- Task instructions: Could you give the records below again exactly as they stand?

- The data:
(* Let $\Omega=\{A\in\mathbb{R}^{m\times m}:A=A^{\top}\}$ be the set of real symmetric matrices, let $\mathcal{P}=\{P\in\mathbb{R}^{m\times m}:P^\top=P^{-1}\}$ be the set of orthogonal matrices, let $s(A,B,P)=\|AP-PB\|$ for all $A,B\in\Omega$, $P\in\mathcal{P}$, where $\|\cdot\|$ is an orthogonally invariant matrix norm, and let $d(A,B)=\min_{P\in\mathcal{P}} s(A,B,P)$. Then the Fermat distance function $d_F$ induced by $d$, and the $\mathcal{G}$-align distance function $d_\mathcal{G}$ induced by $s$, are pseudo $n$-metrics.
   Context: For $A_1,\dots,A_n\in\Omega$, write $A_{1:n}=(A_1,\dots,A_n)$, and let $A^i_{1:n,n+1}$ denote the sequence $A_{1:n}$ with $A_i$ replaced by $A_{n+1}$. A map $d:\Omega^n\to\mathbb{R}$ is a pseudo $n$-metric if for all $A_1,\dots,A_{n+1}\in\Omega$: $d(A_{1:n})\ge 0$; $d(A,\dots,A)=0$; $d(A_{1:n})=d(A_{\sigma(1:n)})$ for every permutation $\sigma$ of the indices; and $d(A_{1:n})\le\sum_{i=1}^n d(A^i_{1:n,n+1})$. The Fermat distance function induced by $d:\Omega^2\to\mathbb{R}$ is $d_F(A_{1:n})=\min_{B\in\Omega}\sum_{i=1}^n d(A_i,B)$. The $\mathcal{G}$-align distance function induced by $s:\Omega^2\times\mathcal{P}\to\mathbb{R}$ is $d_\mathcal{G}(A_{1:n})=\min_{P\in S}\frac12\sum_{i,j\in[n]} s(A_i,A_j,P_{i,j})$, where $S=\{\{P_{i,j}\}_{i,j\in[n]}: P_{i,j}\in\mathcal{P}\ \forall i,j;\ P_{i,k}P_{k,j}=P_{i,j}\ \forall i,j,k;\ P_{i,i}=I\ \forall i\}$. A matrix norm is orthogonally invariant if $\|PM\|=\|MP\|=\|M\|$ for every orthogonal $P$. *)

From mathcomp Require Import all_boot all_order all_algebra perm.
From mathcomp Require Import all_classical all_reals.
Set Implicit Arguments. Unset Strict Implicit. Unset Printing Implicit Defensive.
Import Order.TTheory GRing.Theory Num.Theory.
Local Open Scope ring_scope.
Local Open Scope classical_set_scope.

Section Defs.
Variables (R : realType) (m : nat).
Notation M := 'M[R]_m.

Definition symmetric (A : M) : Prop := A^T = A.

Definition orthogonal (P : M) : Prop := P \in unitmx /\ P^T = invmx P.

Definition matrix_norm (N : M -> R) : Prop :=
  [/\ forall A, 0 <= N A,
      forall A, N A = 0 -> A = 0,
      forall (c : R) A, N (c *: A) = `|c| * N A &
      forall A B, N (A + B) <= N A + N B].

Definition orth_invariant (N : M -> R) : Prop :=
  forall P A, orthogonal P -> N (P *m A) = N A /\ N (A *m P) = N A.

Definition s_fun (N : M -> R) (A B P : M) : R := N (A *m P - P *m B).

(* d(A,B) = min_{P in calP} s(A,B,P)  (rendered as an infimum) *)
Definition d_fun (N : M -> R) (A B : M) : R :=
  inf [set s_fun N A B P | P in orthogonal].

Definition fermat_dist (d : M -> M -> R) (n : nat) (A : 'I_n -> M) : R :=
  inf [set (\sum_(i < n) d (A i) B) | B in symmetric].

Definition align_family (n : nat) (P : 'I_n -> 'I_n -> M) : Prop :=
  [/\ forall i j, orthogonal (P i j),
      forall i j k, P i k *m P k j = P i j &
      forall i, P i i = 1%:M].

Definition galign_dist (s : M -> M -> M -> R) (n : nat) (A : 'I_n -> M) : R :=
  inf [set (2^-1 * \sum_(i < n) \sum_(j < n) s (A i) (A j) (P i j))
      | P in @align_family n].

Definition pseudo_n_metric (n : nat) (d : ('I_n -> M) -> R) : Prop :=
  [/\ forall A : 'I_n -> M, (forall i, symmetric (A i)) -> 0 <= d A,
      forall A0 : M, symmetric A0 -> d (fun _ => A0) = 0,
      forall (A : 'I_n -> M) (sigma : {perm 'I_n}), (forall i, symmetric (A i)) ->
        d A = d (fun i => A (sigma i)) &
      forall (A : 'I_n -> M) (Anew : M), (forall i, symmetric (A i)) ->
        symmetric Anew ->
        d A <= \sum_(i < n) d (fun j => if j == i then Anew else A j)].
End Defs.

- Completed exercise:
(* Let $\Omega=\{A\in\mathbb{R}^{m\times m}:A=A^{\top}\}$ be the set of real symmetric matrices, let $\mathcal{P}=\{P\in\mathbb{R}^{m\times m}:P^\top=P^{-1}\}$ be the set of orthogonal matrices, let $s(A,B,P)=\|AP-PB\|$ for all $A,B\in\Omega$, $P\in\mathcal{P}$, where $\|\cdot\|$ is an orthogonally invariant matrix norm, and let $d(A,B)=\min_{P\in\mathcal{P}} s(A,B,P)$. Then the Fermat distance function $d_F$ induced by $d$, and the $\mathcal{G}$-align distance function $d_\mathcal{G}$ induced by $s$, are pseudo $n$-metrics.
   Context: For $A_1,\dots,A_n\in\Omega$, write $A_{1:n}=(A_1,\dots,A_n)$, and let $A^i_{1:n,n+1}$ denote the sequence $A_{1:n}$ with $A_i$ replaced by $A_{n+1}$. A map $d:\Omega^n\to\mathbb{R}$ is a pseudo $n$-metric if for all $A_1,\dots,A_{n+1}\in\Omega$: $d(A_{1:n})\ge 0$; $d(A,\dots,A)=0$; $d(A_{1:n})=d(A_{\sigma(1:n)})$ for every permutation $\sigma$ of the indices; and $d(A_{1:n})\le\sum_{i=1}^n d(A^i_{1:n,n+1})$. The Fermat distance function induced by $d:\Omega^2\to\mathbb{R}$ is $d_F(A_{1:n})=\min_{B\in\Omega}\sum_{i=1}^n d(A_i,B)$. The $\mathcal{G}$-align distance function induced by $s:\Omega^2\times\mathcal{P}\to\mathbb{R}$ is $d_\mathcal{G}(A_{1:n})=\min_{P\in S}\frac12\sum_{i,j\in[n]} s(A_i,A_j,P_{i,j})$, where $S=\{\{P_{i,j}\}_{i,j\in[n]}: P_{i,j}\in\mathcal{P}\ \forall i,j;\ P_{i,k}P_{k,j}=P_{i,j}\ \forall i,j,k;\ P_{i,i}=I\ \forall i\}$. A matrix norm is orthogonally invariant if $\|PM\|=\|MP\|=\|M\|$ for every orthogonal $P$. *)

From mathcomp Require Import all_boot all_order all_algebra perm.
From mathcomp Require Import all_classical all_reals.
Set Implicit Arguments. Unset Strict Implicit. Unset Printing Implicit Defensive.
Import Order.TTheory GRing.Theory Num.Theory.
Local Open Scope ring_scope.
Local Open Scope classical_set_scope.

Section Defs.
Variables (R : realType) (m : nat).
Notation M := 'M[R]_m.

Definition symmetric (A : M) : Prop := A^T = A.

Definition orthogonal (P : M) : Prop := P \in unitmx /\ P^T = invmx P.

Definition matrix_norm (N : M -> R) : Prop :=
  [/\ forall A, 0 <= N A,
      forall A, N A = 0 -> A = 0,
      forall (c : R) A, N (c *: A) = `|c| * N A &
      forall A B, N (A + B) <= N A + N B].

Definition orth_invariant (N : M -> R) : Prop :=
  forall P A, orthogonal P -> N (P *m A) = N A /\ N (A *m P) = N A.

Definition s_fun (N : M -> R) (A B P : M) : R := N (A *m P - P *m B).

(* d(A,B) = min_{P in calP} s(A,B,P)  (rendered as an infimum) *)
Definition d_fun (N : M -> R) (A B : M) : R :=
  inf [set s_fun N A B P | P in orthogonal].

Definition fermat_dist (d : M -> M -> R) (n : nat) (A : 'I_n -> M) : R :=
  inf [set (\sum_(i < n) d (A i) B) | B in symmetric].

Definition align_family (n : nat) (P : 'I_n -> 'I_n -> M) : Prop :=
  [/\ forall i j, orthogonal (P i j),
      forall i j k, P i k *m P k j = P i j &
      forall i, P i i = 1%:M].

Definition galign_dist (s : M -> M -> M -> R) (n : nat) (A : 'I_n -> M) : R :=
  inf [set (2^-1 * \sum_(i < n) \sum_(j < n) s (A i) (A j) (P i j))
      | P in @align_family n].

Definition pseudo_n_metric (n : nat) (d : ('I_n -> M) -> R) : Prop :=
  [/\ forall A : 'I_n -> M, (forall i, symmetric (A i)) -> 0 <= d A,
      forall A0 : M, symmetric A0 -> d (fun _ => A0) = 0,
      forall (A : 'I_n -> M) (sigma : {perm 'I_n}), (forall i, symmetric (A i)) ->
        d A = d (fun i => A (sigma i)) &
      forall (A : 'I_n -> M) (Anew : M), (forall i, symmetric (A i)) ->
        symmetric Anew ->
        d A <= \sum_(i < n) d (fun j => if j == i then Anew else A j)].
End Defs.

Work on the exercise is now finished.